# How do you differentiate x^4(x+y)=y^2(3x-y)?

$\frac{\mathrm{dy}}{\mathrm{dx}} = \frac{3 {y}^{2} - 5 {x}^{4} - 4 {x}^{3} y}{{x}^{4} - 6 x y + 3 {y}^{2}}$
This can be by implicit differentiation.

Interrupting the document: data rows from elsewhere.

(* Let $G=(V,E)$ be a connected graph with positive edge costs $c:E\to\mathbb{R}_+$, let $\alpha\ge 1$, and let $(U,\complement{U})$ be an $\alpha$-approximate minimum cut of $G$. Then there exist subsets $S,T\subseteq V$ with $|S|,|T|\le \lfloor 2\alpha\rfloor+1$ such that $(U,\complement{U})$ is the unique minimum $(S,T)$-terminal cut.
   Context: A cut is a partition of $V$ into two non-empty parts; for $\emptyset\ne U\subsetneq V$ write $\complement{U}=V\setminus U$, $(U,\complement{U})$ for the corresponding cut, $\delta(U)$ for the set of edges with exactly one endpoint in $U$, and $d(U)=\sum_{e\in\delta(U)}c(e)$ for its cut value. Let $\lambda=\min\{d(U):\emptyset\ne U\subsetneq V\}$. For $\alpha\ge1$, the cut $(U,\complement{U})$ is an $\alpha$-approximate minimum cut if $d(U)\le\alpha\lambda$. For disjoint non-empty $S,T\subseteq V$, a cut $(U,\complement{U})$ is an $(S,T)$-terminal cut if $S\subseteq U\subseteq V\setminus T$; a minimum $(S,T)$-terminal cut is an $(S,T)$-terminal cut of minimum cut value $d(U)$. *)

From HB Require Import structures.
From mathcomp Require Import all_boot all_order all_algebra.
Set Implicit Arguments. Unset Strict Implicit. Unset Printing Implicit Defensive.
Import Order.TTheory GRing.Theory Num.Theory.
Local Open Scope ring_scope.

Section Cuts.
Variables (R : realFieldType) (V : finType).
Variable (E : {set {set V}}).
Variable (c : {set V} -> R).

Definition is_graph : Prop := forall e, e \in E -> #|e| = 2%N.
Definition adj : rel V := fun x y => [set x; y] \in E.
Definition connected_graph : Prop := forall x y : V, connect adj x y.
Definition positive_costs : Prop := forall e, e \in E -> 0 < c e.

Definition is_cut (U : {set V}) : Prop := U != set0 /\ U != setT.
Definition delta (U : {set V}) : {set {set V}} :=
  [set e in E | #|e :&: U| == 1%N].
Definition cutval (U : {set V}) : R := \sum_(e in delta U) c e.

Definition is_min_cut_value (lam : R) : Prop :=
  (exists W, is_cut W /\ cutval W = lam) /\
  (forall W, is_cut W -> lam <= cutval W).

Definition approx_min_cut (alpha : R) (U : {set V}) : Prop :=
  is_cut U /\ exists lam, is_min_cut_value lam /\ cutval U <= alpha * lam.

Definition terminal_cut (S T U : {set V}) : Prop :=
  [/\ S != set0, T != set0, [disjoint S & T],
      is_cut U & (S \subset U) && (U \subset ~: T)].

Definition unique_min_terminal_cut (S T U : {set V}) : Prop :=
  terminal_cut S T U /\
  forall W, terminal_cut S T W -> W != U -> cutval U < cutval W.
End Cuts.

(* U is the unique minimum of d between S and U when every X with S ⊆ X ⊊ U
   has d(X) > d(U).  Take S ⊆ U minimal under inclusion with this property
   (S = U has it).  Minimality yields, for each u ∈ S, a set W_u with
   S \ u ⊆ W_u ⊆ U \ u and d(W_u) ≤ d(U).  Classify the vertices by their
   profile {u | x ∈ W_u}: the isolating sets Q_u of vertices with profile S \ u,
   together with the |S| - 2 layers {x | |profile x| > i}, are crossed by each
   edge at most as often as the W_u are, so their cut values sum to at most
   Σ d(W_u) ≤ |S| d(U).  The layers lie between S and U and cost at least d(U)
   each, so Σ d(Q_u) ≤ 2 d(U); as each Q_u is a cut, |S| λ ≤ 2 d(U) ≤ 2αλ.
   Doing the same for the complement of U gives T, and submodularity of d
   shows that U is the unique minimum (S, T)-terminal cut. *)

From HB Require Import structures.
From mathcomp Require Import all_boot all_order all_algebra.
From mathcomp Require Import reals.
From mathcomp Require Import zify lra.
Import Order.TTheory GRing.Theory Num.Theory.
Set Implicit Arguments. Unset Strict Implicit. Unset Printing Implicit Defensive.

Lemma neqb_nat (p q : bool) : ((p != q) + 2 * (p && q) = p + q)%N.
Proof. by case: p; case: q. Qed.

Lemma sum_ltn_ord (k n : nat) : (\sum_(i < k) (i < n) = minn k n)%N.
Proof. by elim: k => [|k IHk]; rewrite ?big_ord0 ?big_ord_recr /= ?IHk; lia. Qed.

Section FinsetCounting.
Variable T : finType.
Implicit Types S A B X : {set T}.

Lemma sum_mem_card S X : (\sum_(u in S) (u \in X) = #|S :&: X|)%N.
Proof.
rewrite (big_setID X) /= [X in (_ + X)%N]big1 ?addn0 => [|u]; last first.
  by rewrite inE => /andP[/negbTE ->].
by rewrite -sum1_card; apply: eq_bigr => u; rewrite inE => /andP[_ ->].
Qed.

Lemma sum_eq_setD1_le S A : A \subset S ->
  (\sum_(u in S) (A == S :\ u) <= (#|A| == #|S|.-1))%N.
Proof.
move=> AS; case: (boolP (#|A| == #|S|.-1)) => [/eqP cardA | neA].
  have cardSA : (#|S :&: ~: A| <= 1)%N.
    by move: (cardsID A S); rewrite (setIidPr AS) cardA setDE; lia.
  apply: leq_trans cardSA; rewrite -sum_mem_card leq_sum // => u uS.
  by case: eqP => // ->; rewrite !inE eqxx.
rewrite big1 // => u uS; case: eqP => // defA.
by move: neA; rewrite defA (cardsD1 u S) uS add1n eqxx.
Qed.

(* Edge-wise form of the counting step: A and B are the profiles of the two
   endpoints of an edge. *)
Lemma crossing_profile_le S A B : (1 < #|S|)%N -> A \subset S -> B \subset S ->
  (\sum_(u in S) ((A == S :\ u) != (B == S :\ u))
   + \sum_(i < #|S| - 2) ((i < #|A|) != (i < #|B|))
   <= \sum_(u in S) ((u \in A) != (u \in B)))%N.
Proof.
move=> S2 AS BS; have [<-|neqAB] := eqVneq A B.
  by rewrite !big1 // => u _; rewrite eqxx.
have isolating : (\sum_(u in S) ((A == S :\ u) != (B == S :\ u))
          <= (#|A| == #|S|.-1) + (#|B| == #|S|.-1))%N.
  apply: leq_trans (leq_add (sum_eq_setD1_le AS) (sum_eq_setD1_le BS)).
  by rewrite -big_split leq_sum // => u _; case: (A == _); case: (B == _).
have layers : (\sum_(i < #|S| - 2) ((i < #|A|) != (i < #|B|))
          + 2 * minn (#|S| - 2) (minn #|A| #|B|)
          = minn (#|S| - 2) #|A| + minn (#|S| - 2) #|B|)%N.
  rewrite -(sum_ltn_ord _ (minn _ _)) -!(sum_ltn_ord (#|S| - 2)).
  rewrite big_distrr -!big_split /=; apply: eq_bigr => i _.
  by rewrite leq_min neqb_nat.
have symdiff : (\sum_(u in S) ((u \in A) != (u \in B)) + 2 * #|S :&: (A :&: B)|
          = #|S :&: A| + #|S :&: B|)%N.
  rewrite -!sum_mem_card big_distrr -!big_split /=.
  by apply: eq_bigr => u _; rewrite inE neqb_nat.
rewrite (setIidPr AS) (setIidPr BS) (setIidPr (subset_trans (subsetIl A B) AS)) in symdiff.
have lt_inter : (#|A :&: B| < #|A|)%N || (#|A :&: B| < #|B|)%N.
  apply: contraNT neqAB; rewrite negb_or -!leqNgt => /andP [leA leB].
  have /eqP eA : A :&: B == A by rewrite eqEcard subsetIl.
  have /eqP eB : A :&: B == B by rewrite eqEcard subsetIr.
  by apply/eqP; rewrite -eA eB.
have := subset_leq_card AS; have := subset_leq_card BS.
have := subset_leq_card (subsetIl A B); have := subset_leq_card (subsetIr A B).
lia.
Qed.
End FinsetCounting.

Local Open Scope ring_scope.

Definition crosses (T : finType) (e X : {set T}) : bool := #|e :&: X| == 1%N.

Lemma crosses2 (T : finType) (x y : T) (X : {set T}) :
  x != y -> crosses [set x; y] X = ((x \in X) != (y \in X)).
Proof.
move=> xy; rewrite /crosses -sum_mem_card big_setU1 ?big_set1 ?inE //=.
by case: (x \in X); case: (y \in X).
Qed.

Lemma is_cutC (T : finType) (U : {set T}) : is_cut U -> is_cut (~: U).
Proof.
case=> U0 UT; split; [apply: contraNneq UT | apply: contraNneq U0] => UC.
  by rewrite -[U]setCK UC setC0.
by rewrite -[U]setCK UC setCT.
Qed.

Lemma is_cut_subset (T : finType) (X U : {set T}) (x : T) :
  x \in X -> X \subset U -> U != setT -> is_cut X.
Proof.
move=> xX XU UT; split; first by apply/set0Pn; exists x.
by apply: contraNneq UT => XT; rewrite eqEsubset subsetT -XT.
Qed.

Section CutFunction.
Variables (R : realFieldType) (V : finType) (E : {set {set V}}) (c : {set V} -> R).
Hypotheses (graphE : is_graph E) (posc : positive_costs E c).
Local Notation d := (cutval E c).
Implicit Types S T U W X : {set V}.

Lemma cutvalE X : d X = \sum_(e in E) c e *+ crosses e X.
Proof.
rewrite /cutval /delta big_set big_mkcondr /=.
by apply: eq_bigr => e _; rewrite /crosses; case: (_ == _).
Qed.

Lemma sum_cutvalE (I : Type) (r : seq I) (P : pred I) (F : I -> {set V}) :
  \sum_(i <- r | P i) d (F i) = \sum_(e in E) c e *+ \sum_(i <- r | P i) crosses e (F i).
Proof.
under eq_bigr do rewrite cutvalE.
by rewrite exchange_big; apply: eq_bigr => e _; rewrite sumrMnr.
Qed.

Lemma ler_sum_edges (f g : {set V} -> nat) : {in E, forall e, f e <= g e}%N ->
  \sum_(e in E) c e *+ f e <= \sum_(e in E) c e *+ g e.
Proof.
move=> fg; apply: ler_sum => e eE.
by apply: ler_wpMn2l; [exact: ltW (posc eE) | exact: fg].
Qed.

Lemma edgeP e : e \in E -> exists x y, x != y /\ e = [set x; y].
Proof. by move=> eE; apply/cards2P; rewrite graphE. Qed.

Lemma cutval_ge0 X : 0 <= d X.
Proof. by rewrite cutvalE sumr_ge0 // => e eE; rewrite mulrn_wge0 // ltW // posc. Qed.

Lemma cutval0 : d set0 = 0.
Proof. by rewrite cutvalE big1 // => e _; rewrite /crosses setI0 cards0. Qed.

Lemma cutvalC X : d (~: X) = d X.
Proof.
rewrite !cutvalE; apply: eq_bigr => e eE; have [x [y [xy ->]]] := edgeP eE.
by rewrite !crosses2 // !inE; case: (x \in X); case: (y \in X).
Qed.

Lemma cutval_submod A B : d (A :&: B) + d (A :|: B) <= d A + d B.
Proof.
rewrite !cutvalE -!big_split /=.
under eq_bigr do rewrite -mulrnDr.
under [X in _ <= X]eq_bigr do rewrite -mulrnDr.
apply: ler_sum_edges => e eE; have [x [y [xy ->]]] := edgeP eE.
rewrite !crosses2 // !inE.
by case: (x \in A); case: (x \in B); case: (y \in A); case: (y \in B).
Qed.

Lemma cutval_gt0 X : connected_graph E -> is_cut X -> 0 < d X.
Proof.
move=> conn Xcut; have [/set0Pn [x xX] _] := Xcut.
have [/set0Pn [y yX] _] := is_cutC Xcut; rewrite inE in yX.
have [/existsP [a /existsP [b /and3P [ab aX bX]]] | noedge] :=
  boolP [exists a, exists b, [&& adj E a b, a \in X & b \notin X]].
  have neab : a != b by apply: contraNneq bX => <-.
  rewrite cutvalE (bigD1 [set a; b]) //= crosses2 // aX bX mulr1n.
  rewrite (lt_le_trans (posc ab)) // lerDl sumr_ge0 // => e /andP [eE _].
  by rewrite mulrn_wge0 // ltW // posc.
have closedX : closed (adj E) X.
  move=> a b ab; apply/idP/idP => [aX | bX]; apply: contraNT noedge => nX.
    by apply/existsP; exists a; apply/existsP; exists b; apply/and3P.
  apply/existsP; exists b; apply/existsP; exists a; apply/and3P; split=> //.
  by move: ab; rewrite /adj setUC.
by move: (closed_connect closedX (conn x y)); rewrite xX (negbTE yX).
Qed.

Definition unique_min_between (S U : {set V}) : bool :=
  [forall X : {set V}, (S \subset X) && (X \proper U) ==> (d U < d X)].

Lemma unique_min_betweenP S U :
  reflect (forall X, S \subset X -> X \proper U -> d U < d X) (unique_min_between S U).
Proof.
apply: (iffP forallP) => [minU X SX XU | minU X]; first by move: (minU X); rewrite SX XU.
by apply/implyP => /andP [SX XU]; apply: minU.
Qed.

Rewrite it as ${x}^{5} + {x}^{4} y = 3 x {y}^{2} - {y}^{3}$. Now differentiate term wise, $5 {x}^{4} + {x}^{4} \frac{\mathrm{dy}}{\mathrm{dx}} + 4 {x}^{3} y = 3 {y}^{2} + 6 x y \frac{\mathrm{dy}}{\mathrm{dx}} - 3 {y}^{2} \frac{\mathrm{dy}}{\mathrm{dx}}$
$\left({x}^{4} - 6 x y + 3 {y}^{2}\right) \frac{\mathrm{dy}}{\mathrm{dx}} = 3 {y}^{2} - 5 {x}^{4} - 4 {x}^{3} y$
$\frac{\mathrm{dy}}{\mathrm{dx}} = \frac{3 {y}^{2} - 5 {x}^{4} - 4 {x}^{3} y}{{x}^{4} - 6 x y + 3 {y}^{2}}$